Should a state make either of those illegal, it would certainly be a governmental restriction. However, conservatism is not anarchy. If abortion is indeed the taking of a human life, then all people would agree that a government should ban it.

Gay marriage is a different beast. As Thomas said in dissent, to construe that as a “liberty” is a different definition of that word. Liberty has historically meant the freedom to do a certain thing or the right to be left alone while doing it.
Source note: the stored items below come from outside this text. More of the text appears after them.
Lemma comm_F_Mq_first j k : (1 <= j)%N -> (j < k <= l)%N ->
  comm (F j) (M j k) = M j.+1 k * K j ^- 2.
Proof.
move=> hj /andP[jk kl]; rewrite Mq_qbr // comm_qbr comm_F_Mq_out; try lia.
rewrite qbr0r addr0 comm_F_E_diag; last lia.
rewrite qbrNl qbr_cartan_l ?opprK ?q_subV_neq0 //.
  by apply: K_unit; lia.
by apply: qcommute_K2_Mq_next; lia.
Qed.

Lemma comm_F_Mq_last j k : (1 <= j)%N -> (j < k <= l)%N ->
  comm (F k) (M j k) = - (K k ^+ 2 * M j k.-1).
Proof.
move=> hj /andP[jk kl]; have jk1 : (j <= k.-1)%N by lia.
move: j jk1 hj {jk}; apply: ltn_ind_down => [|j jk IH] hj.
  rewrite Mq_qbr ?prednK ?Mqii; try lia.
  rewrite comm_qbr (comm_F_E (i:=k) (j:=k.-1)) ?qbr0l ?add0r; try lia.
  rewrite comm_F_E_diag ?qbrNr ?qbr_cartan_r ?q_subV_neq0 //; last lia.
    by apply: K_unit; lia.
  by apply: qcommute_K2_adj; apply: qcommute_K_E_adj; rewrite ?prednK ?eqxx //; lia.
rewrite Mq_qbr ?comm_qbr ?(comm_F_E (i:=k) (j:=j)) ?qbr0l ?add0r ?IH; try lia.
rewrite qbrNr qbr_mulr_comm -?Mq_qbr //; try lia.
by apply: comm_K2_E_far; lia.
Qed.

Lemma comm_F_Mq_inner i j k : (1 <= j)%N -> (j < i < k)%N -> (k <= l)%N ->
  comm (F i) (M j k) = 0.
Proof.
move=> hj /andP[ji ik] kl; have ji1 : (j <= i.-1)%N by lia.
move: j ji1 hj {ji}; apply: ltn_ind_down => [|j ji IH] hj.
  rewrite Mq_qbr ?prednK ?comm_qbr ?(comm_F_E (i:=i) (j:=i.-1)); try lia.
  rewrite qbr0l add0r.
  rewrite comm_F_Mq_first; try lia.
  rewrite qbr_mulr_comm ?qbr_expN2_eq0 ?mulr0 ?gt_eqF //.
  - by apply: K_unit; lia.
  - apply: qcommute_K2_adj; apply: qcommute_K_E_adj; rewrite ?prednK ?eqxx ?orbT //; lia.
  - rewrite commC comm_Mq0 ?oppr0 // => p hp.
    by rewrite /comm E_E_far ?subrr //; lia.
rewrite Mq_qbr ?comm_qbr ?(comm_F_E (i:=i) (j:=j)) ?qbr0l ?add0r ?IH ?qbr0r //.
all: lia.
Qed.

Lemma comm_F_Mq i j k :
  (1 <= i <= l)%N -> (1 <= j <= l)%N -> (1 <= k <= l)%N ->
  comm (F i) (M j k) =
    (i == j)%:R *: (M j.+1 k * K i ^- 2)
    - (i == k)%:R *: (K i ^+ 2 * M j k.-1)
    - ((i == j) && (i == k))%:R *: ((q - q^-1)^-1 *: (K i ^+ 2 - K i ^- 2)).
Proof.
move=> hi hj hk; have [jk | kj | <-] := ltngtP j k.
- have [ij | ji | ->] := ltngtP i j; rewrite /=.
  + rewrite (ltn_eqF (ltn_trans ij jk)) !scale0r !subr0.
    by rewrite comm_F_Mq_out ?ij //; lia.
  + rewrite !scale0r sub0r subr0.
    have [ik | ki | ->] := ltngtP i k; rewrite ?scale0r ?oppr0.
    * by rewrite comm_F_Mq_inner ?ji //; lia.
    * by rewrite comm_F_Mq_out ?ki ?orbT //; lia.
    * by rewrite scale1r comm_F_Mq_last ?jk //; lia.
  + by rewrite (ltn_eqF jk) !scale0r !subr0 scale1r comm_F_Mq_first ?jk //; lia.
- rewrite !Mq_gt ?comm0r ?mul0r ?mulr0 ?scaler0 ?subr0 //; try lia.
  by case: eqP => [->|_]; rewrite ?(gtn_eqF kj) ?andbF ?scale0r ?subr0.
- rewrite [M j.+1 j]Mq_gt // [M j j.-1]Mq_gt; last lia.
  rewrite Mqii ?mul0r ?mulr0 ?scaler0 ?subr0 ?sub0r.
  have [->|ij] := eqVneq i j; first by rewrite comm_F_E_diag // scale1r.
  by rewrite comm_F_E // scale0r oppr0.
Qed.

End UqGenerators.

Section AntiInvolution.

Variables (R : fieldType) (A : unitAlgType R) (star : A -> A).
Hypothesis starD : forall a b, star (a + b) = star a + star b.
Hypothesis starM : forall a b, star (a * b) = star b * star a.
Hypothesis starZ : forall (c : R) a, star (c *: a) = c *: star a.
Hypothesis star1 : star 1 = 1.

Lemma starN a : star (- a) = - star a.
Proof. by rewrite -scaleN1r starZ scaleN1r. Qed.

Lemma starB a b : star (a - b) = star a - star b.
Proof. by rewrite starD starN. Qed.

Lemma star_comm a b : star (comm a b) = comm (star b) (star a).
Proof. by rewrite /comm starB !starM. Qed.

Lemma starX a n : star (a ^+ n) = star a ^+ n.
Proof.
elim: n => [|n IHn]; first by rewrite !expr0 star1.
by rewrite exprS starM IHn exprSr.
Qed.

Lemma starV k : k \is a GRing.unit -> star k^-1 = (star k)^-1.
Proof.
move=> ku; have sku : star k \is a GRing.unit.
  by apply/unitrP; exists (star k^-1); rewrite -!starM mulrV ?mulVr ?star1.
by rewrite -[star k^-1](mulrK sku) -starM mulrV // star1 mul1r.
Qed.

End AntiInvolution.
Gay marriage proponents ask for a positive grant of authority, stamp of approval, and entitlement to certain benefits from the government.

It is not merely being left alone to do what one wants in his home or business. It is the demand to go to the county courthouse and require an agent of the government to issue a government approved license to conduct a certain activity. That is different than saying to just leave me alone and let me carry my gun, or leave me alone and let me buy or not buy health care at my discretion.

Are there other issues, ones on which conservatives want Federal control and liberals are okay with state control?